Arthur has left town, thankfully, and it is now a beautiful, sunny day here in Portsmouth, although blissfully ten degrees cooler than the past few days. It's still a bit breezy, which is welcome, because it's keeping us cool aboard Vector. It's so pleasant right now, that we've just returned from a lovely walk around Olde Towne Portsmouth.
Due, as they say, to circumstances beyond the organizers' control, the Fourth of July has been rescheduled for tomorrow, at least here in coastal Virginia (I understand in parts of North Carolina it has been postponed a week, or canceled outright). We'll still get to catch all of it, though, because our tentative plan to run up to Deltaville tomorrow has also been postponed by weather, with seas on the Chesapeake at four feet in high winds. Sunday will be a much better day for the transit, with seas of just one to two feet.
I got the full update on the holiday schedule by checking back in at the visitor center right here at the landing after our walk; they seem more than happy to have us stay another couple of days to take it all in. (We are the only boat here, although a cat from Montreal tied up for the storm.) While all the events for the Fourth have been postponed, the events normally scheduled for "first Friday" and "first Saturday" are carrying forth at their normal times.
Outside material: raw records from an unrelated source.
Lemma linZ a x : f (a *: x) = a *: f x.
Proof. by rewrite -[a *: x]addr0 flin lin0 addr0. Qed.

Lemma linB x y : f (x - y) = f x - f y.
Proof. by rewrite -scaleN1r linD linZ scaleN1r. Qed.

Lemma lin_sum (I : Type) (r : seq I) (P : pred I) (F : I -> U) :
  f (\sum_(i <- r | P i) F i) = \sum_(i <- r | P i) f (F i).
Proof. exact: (big_morph f linD lin0). Qed.

End LinearMap.

Lemma eigen_sum_eq0 (V : lmodType C) (f : V -> V) (X : Type) (l : seq X)
    (P : pred X) (F : X -> V) (mu : X -> C) (lam : C) (g : V) :
  linear f -> f g = lam *: g ->
  (forall t, P t -> f (F t) = mu t *: F t) -> (forall t, P t -> mu t != lam) ->
  g = \sum_(t <- l | P t) F t -> g = 0.
Proof.
move=> flin; elim: l F g => [|x l IH] F g fg fF mu_lam; first by rewrite big_nil.
rewrite big_cons; case: ifP => [Px eg|_]; last exact: IH.
(* Applying [f - mu x] kills the first summand and rescales the others. *)
have key : (lam - mu x) *: g = \sum_(t <- l | P t) (mu t - mu x) *: F t.
  rewrite scalerBl -fg eg linD // lin_sum // fF // scalerDr.
  rewrite (eq_bigr (fun t => mu t *: F t)); last by move=> t /fF.
  rewrite scaler_sumr opprD addrACA subrr add0r -sumrB.
  by apply: eq_bigr => t _; rewrite scalerBl.
have /eqP : (lam - mu x) *: g = 0.
  apply: (IH _ _ _ _ mu_lam key) => [|t Pt]; rewrite linZ //.
    by rewrite fg !scalerA mulrC.
  by rewrite fF // !scalerA mulrC.
by rewrite scaler_eq0 subr_eq0 eq_sym (negbTE (mu_lam x Px)) => /eqP.
Qed.

Definition expr_Lneg (j : nat) (s : seq (C * seq nat)) : seq (C * seq nat) :=
  [seq (t.1, j :: t.2) | t <- s].

Definition expr_scale (a : C) (s : seq (C * seq nat)) : seq (C * seq nat) :=
  [seq (a * t.1, t.2) | t <- s].

Definition vir_central (c : C) (n : nat) : C := (n%:Z ^+ 3 - n%:Z)%:~R / 12%:R * c.

(* Normal ordering of L_n L_{-J} w for w highest weight of weight h: L_n is
   commuted through L_{-J}; a part j of J equal to 0 stands for L_0. *)
Fixpoint mono_Lpos (c h : C) (J : seq nat) (n : nat) : seq (C * seq nat) :=
  match J with
  | [::] => if n == 0%N then [:: (h, [::])] else [::]
  | j :: J' => expr_Lneg j (mono_Lpos c h J' n) ++
      expr_scale (n + j)%:R
        (if (j <= n)%N then mono_Lpos c h J' (n - j) else [:: (1, (j - n)%N :: J')]) ++
      (if n == j then [:: (vir_central c n, J')] else [::])
  end.

Definition expr_Lpos (c h : C) (n : nat) (s : seq (C * seq nat)) : seq (C * seq nat) :=
  [seq (t.1 * u.1, u.2) | t <- s, u <- mono_Lpos c h t.2 n].

Definition deg0_coef (h : C) (s : seq (C * seq nat)) : C :=
  \sum_(t <- s | sumn t.2 == 0%N) t.1 * h ^+ size t.2.

Definition hw_span (V : lmodType C) (L : int -> V -> V) (w y : V) : Prop :=
  exists s, y = sigma_act L s w.

Definition pos_span (V : lmodType C) (L : int -> V -> V) (w y : V) : Prop :=
  exists2 s, all (fun t => 0 < sumn t.2)%N s & y = sigma_act L s w.

Section SigmaAct.
Variables (V : lmodType C) (L : int -> V -> V).

Lemma sigma_act_nil w : sigma_act L [::] w = 0.
Proof. by rewrite /sigma_act big_nil. Qed.

Lemma sigma_act_cons t s w :
  sigma_act L (t :: s) w = t.1 *: mono_act L t.2 w + sigma_act L s w.
Proof. by rewrite /sigma_act big_cons. Qed.

Lemma sigma_act_cat s1 s2 w :
  sigma_act L (s1 ++ s2) w = sigma_act L s1 w + sigma_act L s2 w.
Proof. by rewrite /sigma_act big_cat. Qed.

Lemma sigma_act1 a J w : sigma_act L [:: (a, J)] w = a *: mono_act L J w.
Proof. by rewrite sigma_act_cons sigma_act_nil addr0. Qed.

Lemma sigma_act_scale a s w : sigma_act L (expr_scale a s) w = a *: sigma_act L s w.
Proof.
rewrite /sigma_act big_map scaler_sumr; apply: eq_bigr => t _.
by rewrite scalerA.
Qed.

Lemma pos_span0 w : pos_span L w 0.
Proof. by exists [::]; rewrite ?sigma_act_nil. Qed.

Lemma pos_spanD w x y : pos_span L w x -> pos_span L w y -> pos_span L w (x + y).
Proof.
move=> [s1 a1 ->] [s2 a2 ->]; exists (s1 ++ s2); last by rewrite sigma_act_cat.
by rewrite all_cat a1 a2.
Qed.

Lemma pos_spanZ w a x : pos_span L w x -> pos_span L w (a *: x).
Proof.
move=> [s a1 ->]; exists (expr_scale a s); last by rewrite sigma_act_scale.
by rewrite all_map.
Qed.

Lemma pos_spanB w x y : pos_span L w x -> pos_span L w y -> pos_span L w (x - y).
Proof. by move=> Px Py; rewrite -scaleN1r; apply/pos_spanD/pos_spanZ. Qed.

End SigmaAct.

Section VirRep.
Variables (c : C) (V : lmodType C) (L : int -> V -> V).
Hypothesis rep : vir_rep c L.

Lemma vir_linear n : linear (L n).
Proof. by case: rep => lin _ a x y; apply: lin. Qed.

Lemma vir_comm n m x : L n (L m x) = L m (L n x) +
  ((n - m)%:~R *: L (n + m) x +
   (if n + m == 0 then ((n ^+ 3 - n)%:~R / 12%:R * c) *: x else 0)).
Proof. by case: rep => _ H; rewrite -H addrC subrK. Qed.

Lemma sigma_act_Lneg j s w :
  sigma_act L (expr_Lneg j s) w = L (- j%:Z) (sigma_act L s w).
Proof.
rewrite /sigma_act big_map (lin_sum (vir_linear _)); apply: eq_bigr => t _.
by rewrite (linZ (vir_linear _)).
Qed.

Lemma pos_span_Lneg w j x : pos_span L w x -> pos_span L w (L (- j%:Z) x).
Proof.
move=> [s a1 ->]; exists (expr_Lneg j s); last by rewrite sigma_act_Lneg.
by rewrite all_map; apply: sub_all a1 => t /=; lia.
Qed.

Lemma pos_span_sigma_act w u s : pos_span L w u -> pos_span L w (sigma_act L s u).
Proof.
move=> Pu; elim: s => [|t s IH]; first by rewrite sigma_act_nil; apply: pos_span0.
rewrite sigma_act_cons; apply: pos_spanD => //; apply: pos_spanZ.
by elim: t.2 => [|j J IHJ] //=; apply: pos_span_Lneg.
Qed.

Section HighestWeight.
Variables (h : C) (w : V).
Hypothesis hw : hw_vector L h w.

Lemma mono_act_weight J :
  L 0 (mono_act L J w) = (h + (sumn J)%:R) *: mono_act L J w.
Proof.
case: hw => Hw _; elim: J => [|j J IH] /=; first by rewrite addr0.
rewrite vir_comm IH (linZ (vir_linear _)) add0r expr0n subr0 mul0r mul0r scale0r.
rewrite if_same addr0 sub0r opprK -pmulrn natrD -scalerDl; congr (_ *: _); ring.
Qed.

Lemma mono_act_deg0 J : sumn J = 0%N -> mono_act L J w = h ^+ size J *: w.
Proof.
case: hw => Hw _; elim: J => [|j J IH] /=; first by rewrite scale1r.
move=> e; have -> : j = 0%N by lia.
rewrite IH; last by lia.
by rewrite oppr0 (linZ (vir_linear _)) Hw scalerA -exprSr.
Qed.

Lemma sigma_act_mono_Lpos J n :
  sigma_act L (mono_Lpos c h J n) w = L n%:Z (mono_act L J w).
Proof.
case: hw => Hw0 Hwp; elim: J n => [|j J IH] n /=.
  case: eqP => [->|nn]; first by rewrite sigma_act1 /= Hw0.
  by rewrite sigma_act_nil Hwp // ltz_nat; lia.
rewrite !sigma_act_cat sigma_act_Lneg IH sigma_act_scale [RHS]vir_comm.
congr (_ + _); congr (_ + _).
  rewrite opprK -pmulrn natrD; congr (_ *: _).
  case: leqP => jn; first by rewrite IH subzn.
  by rewrite sigma_act1 scale1r /=; congr (L _ _); lia.
rewrite subr_eq0 eqz_nat; case: eqP => [->|_]; last by rewrite sigma_act_nil.
by rewrite sigma_act1.
Qed.

Lemma sigma_act_Lpos n s : sigma_act L (expr_Lpos c h n s) w = L n%:Z (sigma_act L s w).
Proof.
rewrite {1}/sigma_act big_allpairs_dep /= (lin_sum (vir_linear _)).
apply: eq_bigr => t _; rewrite (linZ (vir_linear _)) -sigma_act_mono_Lpos.
by rewrite /sigma_act scaler_sumr; apply: eq_bigr => u _; rewrite scalerA.
Qed.

Lemma hw_span_closed : vir_closed L (hw_span L w).
Proof.
split.
- by exists [::]; rewrite sigma_act_nil.
- by move=> x y [s1 ->] [s2 ->]; exists (s1 ++ s2); rewrite sigma_act_cat.
- by move=> a x [s ->]; exists (expr_scale a s); rewrite sigma_act_scale.
- move=> [] k x [s ->].
    by exists (expr_Lpos c h k s); rewrite sigma_act_Lpos.
  by exists (expr_Lneg k.+1 s); rewrite sigma_act_Lneg NegzE.
Qed.

Lemma pos_span_sigma_act_deg0 s :
  pos_span L w (sigma_act L s w - deg0_coef h s *: w).
Proof.
exists (filter (fun t => 0 < sumn t.2)%N s); first exact: filter_all.
rewrite /sigma_act (bigID (fun t => 0 < sumn t.2)%N) /= big_filter.
suff -> : \sum_(t <- s | ~~ (0 < sumn t.2)%N) t.1 *: mono_act L t.2 w =
          deg0_coef h s *: w by rewrite addrK.
rewrite /deg0_coef scaler_suml; apply: eq_big => [t|t]; first by rewrite lt0n negbK.
by rewrite -leqNgt leqn0 => /eqP e; rewrite mono_act_deg0 // scalerA.
Qed.

Lemma pos_span_hw_eq0 d : pos_span L w (d *: w) -> d *: w = 0.
Proof.
case: hw => H0 _ [s a1 e].
apply: (@eigen_sum_eq0 _ (L 0) _ s (fun t => 0 < sumn t.2)%N
          (fun t => t.1 *: mono_act L t.2 w) (fun t => h + (sumn t.2)%:R) h).
- exact: vir_linear.
- by rewrite (linZ (vir_linear _)) H0 !scalerA mulrC.
- by move=> t _; rewrite (linZ (vir_linear _)) mono_act_weight !scalerA mulrC.
- by move=> t t0; rewrite -subr_eq0 addrAC subrr add0r pnatr_eq0 -lt0n.
- by rewrite e -big_filter (all_filterP a1).
Qed.

Hypothesis gen : vir_generated L w.

Lemma hw_span_all y : hw_span L w y.
Proof.
apply: (gen hw_span_closed).
by exists [:: (1, [::])]; rewrite sigma_act1 scale1r.
Qed.

Lemma pos_span_Lneg_gen j y : (0 < j)%N -> pos_span L w (L (- j%:Z) y).
Proof.
move=> j0; have [s ->] := hw_span_all y.
exists (expr_Lneg j s); last by rewrite sigma_act_Lneg.
by rewrite all_map; apply/allP => t _ /=; lia.
Qed.

Lemma pos_span_off_weight mu y : L 0 y = mu *: y -> mu != h -> pos_span L w y.
Proof.
move=> Ly mu_h; have [s ey] := hw_span_all y.
set p := y - deg0_coef h s *: w.
have Pp : pos_span L w p by rewrite /p {1}ey; apply: pos_span_sigma_act_deg0.
(* [L_0 - h] kills the weight-h component of y and preserves [pos_span L w]. *)
have : pos_span L w ((mu - h) *: y).
  have -> : (mu - h) *: y = L 0 p - h *: p.
    case: hw => H0 _.
    rewrite (linB (vir_linear _)) (linZ (vir_linear _)) Ly H0 scalerBl scalerBr.
    by rewrite !scalerA [h * _]mulrC opprB addrA subrK.
  by apply: pos_spanB; [exact: (pos_span_Lneg 0 Pp) | exact: pos_spanZ].
move=> /(pos_spanZ (mu - h)^-1); rewrite scalerA mulVf ?scale1r //.
by rewrite subr_eq0.
Qed.

End HighestWeight.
This afternoon there is a free concert at the courthouse, and tomorrow there is a farmers' market and several of the local museums are free of charge.
Before our walk I spent some time putting the boat back together after the winds had died down to a dull roar. All the furniture and cushions are back in place, the covers are back on the barbie and the dinghy, the bears are on the scoots, and almost everything is back to normal (we still have all our extra lines, fenders, and fender boards out -- no sense trying to pull them in until we are ready to single up). I inspected all parts of the boat that seemed to be impacted by the storm, and other than taking some tiny bits of Portsmouth's dock pilings with us, we seem to be no worse for wear.
Bits of wood, much like grated cheese, on the rub rail from scraping up and down against the dock.
And the corresponding part of the dock piling. By the time I snapped this, we managed to get the horizontal cylindrical fender back in place.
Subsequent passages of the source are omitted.